## YOUR GOAL
Scan the records for "mxabelem". Report each line that includes it.
** Opening SOURCE MATERIAL block **
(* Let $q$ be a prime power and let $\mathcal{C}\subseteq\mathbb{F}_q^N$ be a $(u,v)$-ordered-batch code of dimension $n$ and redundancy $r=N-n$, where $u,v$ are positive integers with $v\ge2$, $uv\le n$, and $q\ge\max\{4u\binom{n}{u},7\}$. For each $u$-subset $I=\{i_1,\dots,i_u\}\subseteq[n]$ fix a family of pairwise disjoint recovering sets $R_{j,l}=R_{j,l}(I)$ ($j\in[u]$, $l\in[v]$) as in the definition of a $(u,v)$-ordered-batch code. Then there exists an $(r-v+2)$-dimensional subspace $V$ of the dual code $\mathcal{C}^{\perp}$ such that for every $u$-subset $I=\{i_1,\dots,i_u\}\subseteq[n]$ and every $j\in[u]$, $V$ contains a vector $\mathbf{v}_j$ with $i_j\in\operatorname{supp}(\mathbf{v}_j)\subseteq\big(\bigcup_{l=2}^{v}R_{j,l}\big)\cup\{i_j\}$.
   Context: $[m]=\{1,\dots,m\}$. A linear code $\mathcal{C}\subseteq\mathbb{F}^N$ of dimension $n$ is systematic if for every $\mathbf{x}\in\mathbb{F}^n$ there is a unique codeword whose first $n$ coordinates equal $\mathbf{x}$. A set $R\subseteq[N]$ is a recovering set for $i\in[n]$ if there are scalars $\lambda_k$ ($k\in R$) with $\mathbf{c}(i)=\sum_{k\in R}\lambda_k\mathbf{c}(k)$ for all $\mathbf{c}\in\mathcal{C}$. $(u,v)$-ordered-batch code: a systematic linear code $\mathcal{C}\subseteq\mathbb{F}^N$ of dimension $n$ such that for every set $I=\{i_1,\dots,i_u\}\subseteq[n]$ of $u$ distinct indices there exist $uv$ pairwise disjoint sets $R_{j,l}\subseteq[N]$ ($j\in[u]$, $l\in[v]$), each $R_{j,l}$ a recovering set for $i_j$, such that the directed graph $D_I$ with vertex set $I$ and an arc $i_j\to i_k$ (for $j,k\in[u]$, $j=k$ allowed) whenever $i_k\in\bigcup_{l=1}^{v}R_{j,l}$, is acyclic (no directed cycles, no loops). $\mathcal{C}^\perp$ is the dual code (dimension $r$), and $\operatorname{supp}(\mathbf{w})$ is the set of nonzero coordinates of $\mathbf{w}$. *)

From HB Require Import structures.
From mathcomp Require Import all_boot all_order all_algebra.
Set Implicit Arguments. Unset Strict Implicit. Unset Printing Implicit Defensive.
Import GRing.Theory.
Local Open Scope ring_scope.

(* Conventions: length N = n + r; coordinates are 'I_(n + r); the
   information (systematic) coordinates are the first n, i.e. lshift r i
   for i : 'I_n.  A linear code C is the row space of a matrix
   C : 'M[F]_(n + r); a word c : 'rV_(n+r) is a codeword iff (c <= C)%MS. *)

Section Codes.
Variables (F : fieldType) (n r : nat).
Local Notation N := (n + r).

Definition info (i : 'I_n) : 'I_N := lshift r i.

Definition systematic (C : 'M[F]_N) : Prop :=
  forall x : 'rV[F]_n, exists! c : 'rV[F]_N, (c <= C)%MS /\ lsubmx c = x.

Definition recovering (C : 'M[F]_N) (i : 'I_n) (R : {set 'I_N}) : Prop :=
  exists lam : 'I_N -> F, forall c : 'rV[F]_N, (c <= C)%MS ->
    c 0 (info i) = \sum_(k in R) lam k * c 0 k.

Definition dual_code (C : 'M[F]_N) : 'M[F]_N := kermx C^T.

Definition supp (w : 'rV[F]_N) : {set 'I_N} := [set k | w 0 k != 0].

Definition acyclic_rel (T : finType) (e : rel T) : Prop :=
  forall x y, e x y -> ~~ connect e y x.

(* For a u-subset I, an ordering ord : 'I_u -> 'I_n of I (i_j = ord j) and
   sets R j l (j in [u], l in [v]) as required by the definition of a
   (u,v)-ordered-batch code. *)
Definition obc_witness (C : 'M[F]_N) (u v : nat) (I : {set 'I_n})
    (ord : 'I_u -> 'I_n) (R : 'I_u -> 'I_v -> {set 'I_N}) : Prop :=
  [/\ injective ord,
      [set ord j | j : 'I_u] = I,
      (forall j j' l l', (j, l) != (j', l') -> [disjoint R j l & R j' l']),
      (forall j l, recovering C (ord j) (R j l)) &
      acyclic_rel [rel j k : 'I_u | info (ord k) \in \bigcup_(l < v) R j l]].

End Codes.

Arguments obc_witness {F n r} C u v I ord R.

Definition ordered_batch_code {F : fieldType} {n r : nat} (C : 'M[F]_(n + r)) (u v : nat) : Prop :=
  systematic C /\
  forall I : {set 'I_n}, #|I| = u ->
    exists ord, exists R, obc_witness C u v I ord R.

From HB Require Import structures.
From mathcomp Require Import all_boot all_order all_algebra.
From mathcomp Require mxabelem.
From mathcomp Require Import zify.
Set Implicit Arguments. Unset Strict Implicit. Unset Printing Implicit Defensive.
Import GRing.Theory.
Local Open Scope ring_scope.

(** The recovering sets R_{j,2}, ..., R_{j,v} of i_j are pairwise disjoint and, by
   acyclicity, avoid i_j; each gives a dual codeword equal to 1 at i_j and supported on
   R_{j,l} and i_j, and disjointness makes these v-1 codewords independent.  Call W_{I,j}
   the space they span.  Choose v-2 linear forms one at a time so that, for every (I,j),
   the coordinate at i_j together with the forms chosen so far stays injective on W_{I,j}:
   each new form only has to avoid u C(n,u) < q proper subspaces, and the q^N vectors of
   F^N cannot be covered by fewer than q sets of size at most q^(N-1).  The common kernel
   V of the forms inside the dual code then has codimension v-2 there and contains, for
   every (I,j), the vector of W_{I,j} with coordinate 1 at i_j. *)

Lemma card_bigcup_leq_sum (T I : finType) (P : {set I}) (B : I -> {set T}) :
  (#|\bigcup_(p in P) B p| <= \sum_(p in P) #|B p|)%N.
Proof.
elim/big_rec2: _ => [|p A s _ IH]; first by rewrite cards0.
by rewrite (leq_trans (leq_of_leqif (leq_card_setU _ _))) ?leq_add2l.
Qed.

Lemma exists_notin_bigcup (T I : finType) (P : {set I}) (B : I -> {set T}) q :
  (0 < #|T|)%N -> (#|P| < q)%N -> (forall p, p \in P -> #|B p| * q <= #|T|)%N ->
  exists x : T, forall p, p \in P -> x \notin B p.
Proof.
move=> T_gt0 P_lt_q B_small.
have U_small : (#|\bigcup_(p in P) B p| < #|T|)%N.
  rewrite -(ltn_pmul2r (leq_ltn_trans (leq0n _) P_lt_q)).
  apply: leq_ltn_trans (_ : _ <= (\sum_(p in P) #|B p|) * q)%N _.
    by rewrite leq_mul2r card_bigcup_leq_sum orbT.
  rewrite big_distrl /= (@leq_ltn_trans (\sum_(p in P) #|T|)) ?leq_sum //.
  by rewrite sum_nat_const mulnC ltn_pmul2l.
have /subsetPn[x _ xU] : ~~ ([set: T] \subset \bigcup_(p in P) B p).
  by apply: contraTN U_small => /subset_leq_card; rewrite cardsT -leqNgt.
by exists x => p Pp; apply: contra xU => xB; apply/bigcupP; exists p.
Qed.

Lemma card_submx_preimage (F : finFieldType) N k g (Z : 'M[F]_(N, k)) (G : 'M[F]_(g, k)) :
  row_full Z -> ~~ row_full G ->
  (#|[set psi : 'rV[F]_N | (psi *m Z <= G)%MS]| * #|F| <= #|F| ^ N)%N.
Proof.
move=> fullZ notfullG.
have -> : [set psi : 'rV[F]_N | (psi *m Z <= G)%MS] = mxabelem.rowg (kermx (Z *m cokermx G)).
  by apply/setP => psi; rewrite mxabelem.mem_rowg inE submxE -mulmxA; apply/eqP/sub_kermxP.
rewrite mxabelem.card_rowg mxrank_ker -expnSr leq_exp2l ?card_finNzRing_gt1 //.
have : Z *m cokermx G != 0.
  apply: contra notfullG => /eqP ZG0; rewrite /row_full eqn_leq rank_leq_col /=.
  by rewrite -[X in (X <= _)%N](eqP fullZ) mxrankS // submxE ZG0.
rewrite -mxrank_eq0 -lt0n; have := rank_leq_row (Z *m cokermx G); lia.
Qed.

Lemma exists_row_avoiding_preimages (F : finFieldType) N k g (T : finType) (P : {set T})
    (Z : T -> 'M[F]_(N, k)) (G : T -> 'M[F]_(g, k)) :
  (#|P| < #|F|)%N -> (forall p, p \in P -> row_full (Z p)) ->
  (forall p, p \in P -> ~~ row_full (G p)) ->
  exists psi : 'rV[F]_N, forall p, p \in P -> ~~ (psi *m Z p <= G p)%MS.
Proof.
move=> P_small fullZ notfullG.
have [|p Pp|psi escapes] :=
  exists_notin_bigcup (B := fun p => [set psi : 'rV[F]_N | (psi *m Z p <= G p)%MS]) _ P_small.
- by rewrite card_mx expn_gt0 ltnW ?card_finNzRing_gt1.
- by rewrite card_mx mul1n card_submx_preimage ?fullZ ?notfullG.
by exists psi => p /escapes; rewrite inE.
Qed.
** Closing SOURCE MATERIAL block **
## REPLY TO THE EXERCISE
From mathcomp Require mxabelem.
have -> : [set psi : 'rV[F]_N | (psi *m Z <= G)%MS] = mxabelem.rowg (kermx (Z *m cokermx G)).
  by apply/setP => psi; rewrite mxabelem.mem_rowg inE submxE -mulmxA; apply/eqP/sub_kermxP.
rewrite mxabelem.card_rowg mxrank_ker -expnSr leq_exp2l ?card_finNzRing_gt1 //.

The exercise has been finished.